In fig. 5, light from the OLED D passes through the second electrode 464, and the color filter layer 480 is disposed on or over the OLED D. Alternatively, when light from the OLED D passes through the first electrode 460, the color filter layer 480 may be disposed between the OLED D and the first substrate 410.

A color conversion layer (not shown) may be formed between the OLED D and the color filter layer 480. The color conversion layer may include a red color conversion layer, a green color conversion layer, and a blue color conversion layer corresponding to the red pixel RP, the green pixel GP, and the blue pixel BP, respectively.
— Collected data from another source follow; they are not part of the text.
(* Let $(N,\underline X)\in\aleph^{FGM*}$ with $E[X]<\infty$. For every $n\in A_N$, $$E[X_1\mid N=n]=\sum_{(i_0,i_1)\in\{0,1\}^2}f_{I_0,I_1}(i_0,i_1)\frac{\gamma_{N_{[1+i_0]}}(n)}{\gamma_N(n)}\mu_{X_{[1+i_1]}}=E[X]+\frac{\theta_{01}}{4}\frac{\gamma_{N_{[2]}}(n)-\gamma_{N_{[1]}}(n)}{\gamma_N(n)}\big(\mu_{X_{[2]}}-\mu_{X_{[1]}}\big),$$ where $f_{I_0,I_1}(i_0,i_1)=\tfrac14\big(1+(-1)^{i_0+i_1}\theta_{01}\big)$.
   Context: Collective risk model (CRM): $N$ is a random variable with values in $\mathbb{N}_0$, cdf $F_N$, pmf $\gamma_N(n)=\Pr(N=n)$ and support $A_N=\{n:\gamma_N(n)>0\}$; $\underline X=\{X_j\}_{j\ge1}$ is a sequence of identically distributed strictly positive random variables with common cdf $F_X$ (generic copy $X$). A $d$-variate FGM copula with parameters $\theta_{j_1\dots j_k}$ is $C(u_1,\dots,u_d)=\prod_{m=1}^d u_m\big(1+\sum_{k=2}^d\sum_{j_1<\dots<j_k}\theta_{j_1\dots j_k}\bar u_{j_1}\cdots\bar u_{j_k}\big)$, $\bar u=1-u$, with parameters such that $1+\sum_{k}\sum_{j_1<\dots<j_k}\theta_{j_1\dots j_k}\varepsilon_{j_1}\cdots\varepsilon_{j_k}\ge0$ for all $\varepsilon\in\{-1,1\}^d$. A CRM belongs to $\aleph^{FGM}$ if for every $k\in\mathbb{N}_1$, $k\le\sup A_N$, $F_{N,X_1,\dots,X_k}(n,x_1,\dots,x_k)=C_k(F_N(n),F_X(x_1),\dots,F_X(x_k))$ for a $(k+1)$-variate FGM copula $C_k$ with coordinates indexed $0,\dots,k$ (index $0$ for $N$). It belongs to $\aleph^{FGM*}$ if in addition $(N,X_1,\dots,X_k)\overset d=(N,X_{\pi(1)},\dots,X_{\pi(k)})$ for all such $k$ and all permutations $\pi$; then $\theta_{0j}=\theta_{01}$, $\theta_{ij}=\theta_{12}$, $\theta_{0ij}=\theta_{012}$ for all $1\le i<j$. For a random variable $Y$, $Y_{[1]}$, $Y_{[2]}$ denote the minimum and maximum of two iid copies of $Y$, $\mu_{Y_{[j]}}=E[Y_{[j]}]$, and $\gamma_{N_{[j]}}(n)=\Pr(N_{[j]}=n)$. *)

From HB Require Import structures.
From mathcomp Require Import all_boot all_order all_algebra all_fingroup.
From mathcomp Require Import all_classical all_reals all_analysis.
Set Implicit Arguments. Unset Strict Implicit. Unset Printing Implicit Defensive.
Import Order.TTheory GRing.Theory Num.Theory.
Local Open Scope classical_set_scope.
Local Open Scope ring_scope.

Section Defs.
Context {R : realType}.

(** d-variate FGM copula with parameters theta S indexed by the subsets
    S = {j_1 < ... < j_k} of the coordinates with k >= 2
    (values of theta on subsets of size < 2 are irrelevant). *)
Definition fgm_copula (d : nat) (theta : {set 'I_d} -> R) (u : 'I_d -> R) : R :=
  (\prod_(m < d) u m) *
  (1 + \sum_(S : {set 'I_d} | (1 < #|S|)%N) theta S * \prod_(j in S) (1 - u j)).

Definition fgm_admissible (d : nat) (theta : {set 'I_d} -> R) : Prop :=
  forall eps : 'I_d -> bool,
    0 <= 1 + \sum_(S : {set 'I_d} | (1 < #|S|)%N)
              theta S * \prod_(j in S) (if eps j then 1 else -1).

Context {dT : measure_display} {T : measurableType dT} (P : probability T R).

Definition cdfR (Y : {RV P >-> R}) (y : R) : R :=
  fine (P [set w | Y w <= y]).

Definition pmfN (N : {RV P >-> R}) (n : nat) : R :=
  fine (P [set w | N w = n%:R]).

(** joint cdf of (N, X_1, ..., X_k); the random variable X_{i+1} is X i *)
Definition joint_cdf (N : {RV P >-> R}) (X : nat -> {RV P >-> R}) (k : nat)
    (y : R) (x : 'I_k -> R) : \bar R :=
  P [set w | N w <= y /\ forall i : 'I_k, X i w <= x i].

Definition joint_cdf_perm (N : {RV P >-> R}) (X : nat -> {RV P >-> R}) (k : nat)
    (s : 'S_k) (y : R) (x : 'I_k -> R) : \bar R :=
  P [set w | N w <= y /\ forall i : 'I_k, X (s i) w <= x i].

Definition condexp_eq (Y N : {RV P >-> R}) (n : nat) : R :=
  fine (\int[P]_(w in [set w | N w = n%:R]) (Y w)%:E) / pmfN N n.

End Defs.

Definition ostat2 {R : realType} (j : nat) (a b : R) : R :=
  if j == 1%N then Num.min a b else Num.max a b.

Section OrderStats.
Context {R : realType} {dT : measure_display} {T : measurableType dT}
  (P : probability T R).
Local Open Scope ereal_scope.

(** gamma_{N_[j]}(n) = Pr(N_[j] = n), where N_[1], N_[2] are the minimum and
    maximum of two iid copies of N (realized on the product of two copies of
    the law of N) *)
Definition pmf_ostat (N : {RV P >-> R}) (j : nat) (n : nat) : R :=
  fine ((distribution P N \x distribution P N)
          [set z : R * R | ostat2 j z.1 z.2 = n%:R]).

Definition mean_ostat (Y : {RV P >-> R}) (j : nat) : R :=
  fine (\int[distribution P Y \x distribution P Y]_z (ostat2 j z.1 z.2)%:E).

End OrderStats.

Arguments cdfR {R dT T} P Y y.
Arguments pmfN {R dT T} P N n.
Arguments joint_cdf {R dT T} P N X {k} y x.
Arguments joint_cdf_perm {R dT T} P N X {k} s y x.
Arguments condexp_eq {R dT T} P Y N n.
Arguments pmf_ostat {R dT T} P N j n.
Arguments mean_ostat {R dT T} P Y j.

From HB Require Import structures.
From mathcomp Require Import all_boot all_order all_algebra all_fingroup.
From mathcomp Require Import all_classical all_reals all_analysis.
From mathcomp Require Import measurable_realfun ring lra.
Import Order.TTheory GRing.Theory Num.Theory.
Set Implicit Arguments. Unset Strict Implicit. Unset Printing Implicit Defensive.
Local Open Scope classical_set_scope.
Local Open Scope ring_scope.

(* Let a = F_N(n), b = F_N(n - 1) and F = F_X.  The bivariate FGM copula of
   (N, X_1) gives P(N = n, X <= r) = (a - b) F(r) + th c F(r) (1 - F(r)) with
   c = a (1 - a) - b (1 - b), so by the layer-cake formula restricted to {N = n},
   E[X 1_{N = n}] = (a - b) E[X] - th c G where G = \int_0^oo F (1 - F).
   For two iid copies, P(max > r) = 1 - F^2 = (1 - F) + F (1 - F) and
   P(min > r) = (1 - F)^2 = (1 - F) - F (1 - F), whence mu_{X[2]} - mu_{X[1]} = 2 G,
   while gamma_{N[2]}(n) - gamma_{N[1]}(n) = (a^2 - b^2) - ((1 - b)^2 - (1 - a)^2) = -2 c.
   Both right-hand sides of the theorem thus equal E[X] - th c G / (a - b). *)

Lemma card_gt1_setI2 (S : {set 'I_2}) : (1 < #|S|)%N = (S == [set: 'I_2]%SET).
Proof.
rewrite eqEcard finset.subsetT /= cardsT card_ord.
by have := max_card (pred_of_set S); rewrite card_ord; case: #|S| => [|[|[|]]].
Qed.

Lemma fgm_copula2E (R : realType) (th : {set 'I_2} -> R) (u : 'I_2 -> R) :
  fgm_copula th u = u ord0 * u ord_max *
    (1 + th [set ord0; ord_max]%SET * ((1 - u ord0) * (1 - u ord_max))).
Proof.
have I2E : [set ord0; ord_max]%SET = [set: 'I_2]%SET.
  by apply/setP => i; rewrite !inE; case: i => [[|[|//]] ?].
rewrite /fgm_copula (eq_bigl (pred1 [set ord0; ord_max]%SET)); last first.
  by move=> S; rewrite card_gt1_setI2 I2E.
rewrite big_pred1_eq big_setU1 ?inE //= big_set1 big_ord_recr /= big_ord1.
by congr (u _ * _ * _); apply/val_inj.
Qed.

Section RealSets.
Context (R : realType).

Lemma natr_le_subr1 (m n : nat) : (m%:R <= n%:R - 1 :> R) = (m < n)%N.
Proof. by rewrite lerBrDr natr1 ler_nat. Qed.

Lemma max_eq_iff (x y c : R) :
  Num.max x y = c <-> (x <= c /\ y <= c) /\ ~ (x < c /\ y < c).
Proof. by rewrite maxEle; case: ifP => h; split; lra. Qed.

Lemma min_eq_iff (x y c : R) :
  Num.min x y = c <-> (c <= x /\ c <= y) /\ ~ (c < x /\ c < y).
Proof. by rewrite minEle; case: ifP => h; split; lra. Qed.

Lemma measurable_le (r : R) : measurable [set x : R | x <= r].
Proof.
have -> : [set x : R | x <= r] = `]-oo, r]%classic by apply/seteqP; split => x /=; rewrite in_itv.
exact: measurable_itv.
Qed.

Lemma measurable_lt (r : R) : measurable [set x : R | x < r].
Proof.
have -> : [set x : R | x < r] = `]-oo, r[%classic by apply/seteqP; split => x /=; rewrite in_itv.
exact: measurable_itv.
Qed.

Lemma measurable_gt (r : R) : measurable [set x : R | r < x].
Proof.
have -> : [set x : R | r < x] = `]r, +oo[%classic.
  by apply/seteqP; split => x /=; rewrite in_itv /= andbT.
exact: measurable_itv.
Qed.

Lemma measurable_ge (r : R) : measurable [set x : R | r <= x].
Proof.
have -> : [set x : R | r <= x] = `[r, +oo[%classic.
  by apply/seteqP; split => x /=; rewrite in_itv /= andbT.
exact: measurable_itv.
Qed.

End RealSets.

Section ProbabilityFacts.
Context (R : realType) (dT : measure_display) (T : measurableType dT)
  (P : probability T R).
Local Notation pr A := (fine (P A)).

Lemma measurable_rv_le (Y : {RV P >-> R}) (r : R) : measurable [set w | Y w <= r].
Proof.
have -> : [set w | Y w <= r] = Y @^-1` `]-oo, r] by apply/seteqP; split => w /=; rewrite in_itv.
exact: measurable_funPTI.
Qed.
The white light from the OLED D is converted into red, green and blue light by the red, green and blue color conversion layers, respectively.

As described above, the white light from the organic light emitting diode D passes through the red, green, and blue color filters 482, 484, and 486 in the red, green, and blue pixels RP, GP, and BP, so that red, green, and blue light is provided from the red, green, and blue pixels RP, GP, and BP, respectively.

In fig. 5 to 7, an OLED D emitting white light is used for the display device. Alternatively, for use in a lighting device, the OLED D may be formed on the entire surface of the substrate without at least one of the driving element and the color filter layer. The display device and the lighting device each including the OLED D of the present disclosure may be referred to as an organic light emitting device.

Fig. 8 is a schematic cross-sectional view illustrating an organic light emitting display device according to a third embodiment of the present disclosure.

As shown in fig. 8, the organic light emitting display device 600 includes: a first substrate 610 in which red, green, and blue pixels RP, GP, and BP are defined; a second substrate 670 facing the first substrate 610; an OLED D positioned between the first and second substrates 610 and 670 and providing white light emission; and a color conversion layer 680 between the OLED D and the second substrate 670.

Although not shown, color filters may be formed between the second substrate 670 and the respective color conversion layers 680.

A TFT Tr corresponding to each of the red, green, and blue pixels RP, GP, and BP is formed on the first substrate 610, and a passivation layer 650 of the TFT Tr, which has a drain contact hole 652 exposing an electrode (e.g., a drain electrode), is formed to cover the TFT Tr.

An OLED D including a first electrode 660, an organic emission layer 662, and a second electrode 664 is formed on the passivation layer 650. In this case, the first electrode 660 may be connected to the drain electrode of the TFT Tr through the drain contact hole 652.

A bank layer 666 covering an edge of the first electrode 660 is formed at a boundary of the red pixel region RP, the green pixel region GP, and the blue pixel region BP.

The OLED D emits blue light and may have the structure shown in fig. 3 or 4. That is, the OLED D is formed in each of the red, green, and blue pixels RP, GP, and BP and provides blue light.

The color conversion layer 680 includes a first color conversion layer 682 corresponding to the red pixel RP and a second color conversion layer 684 corresponding to the green pixel GP. For example, the color conversion layer 680 may include an inorganic color conversion material such as quantum dots.

The blue light from OLED D is converted into red light by the first color conversion layer 682 in the red pixel RP, and the blue light from OLED D is converted into green light by the second color conversion layer 684 in the green pixel GP.

Accordingly, the organic light emitting display device 600 may display a full color image.

On the other hand, when the light from the OLED D passes through the first substrate 610, the color conversion layer 680 is disposed between the OLED D and the first substrate 610.

It will be apparent to those skilled in the art that various modifications and variations can be made to the embodiments of the present disclosure without departing from the spirit or scope of the disclosure. Thus, it is intended that the present disclosure cover the modifications and variations of this disclosure provided they come within the scope of the appended claims and their equivalents.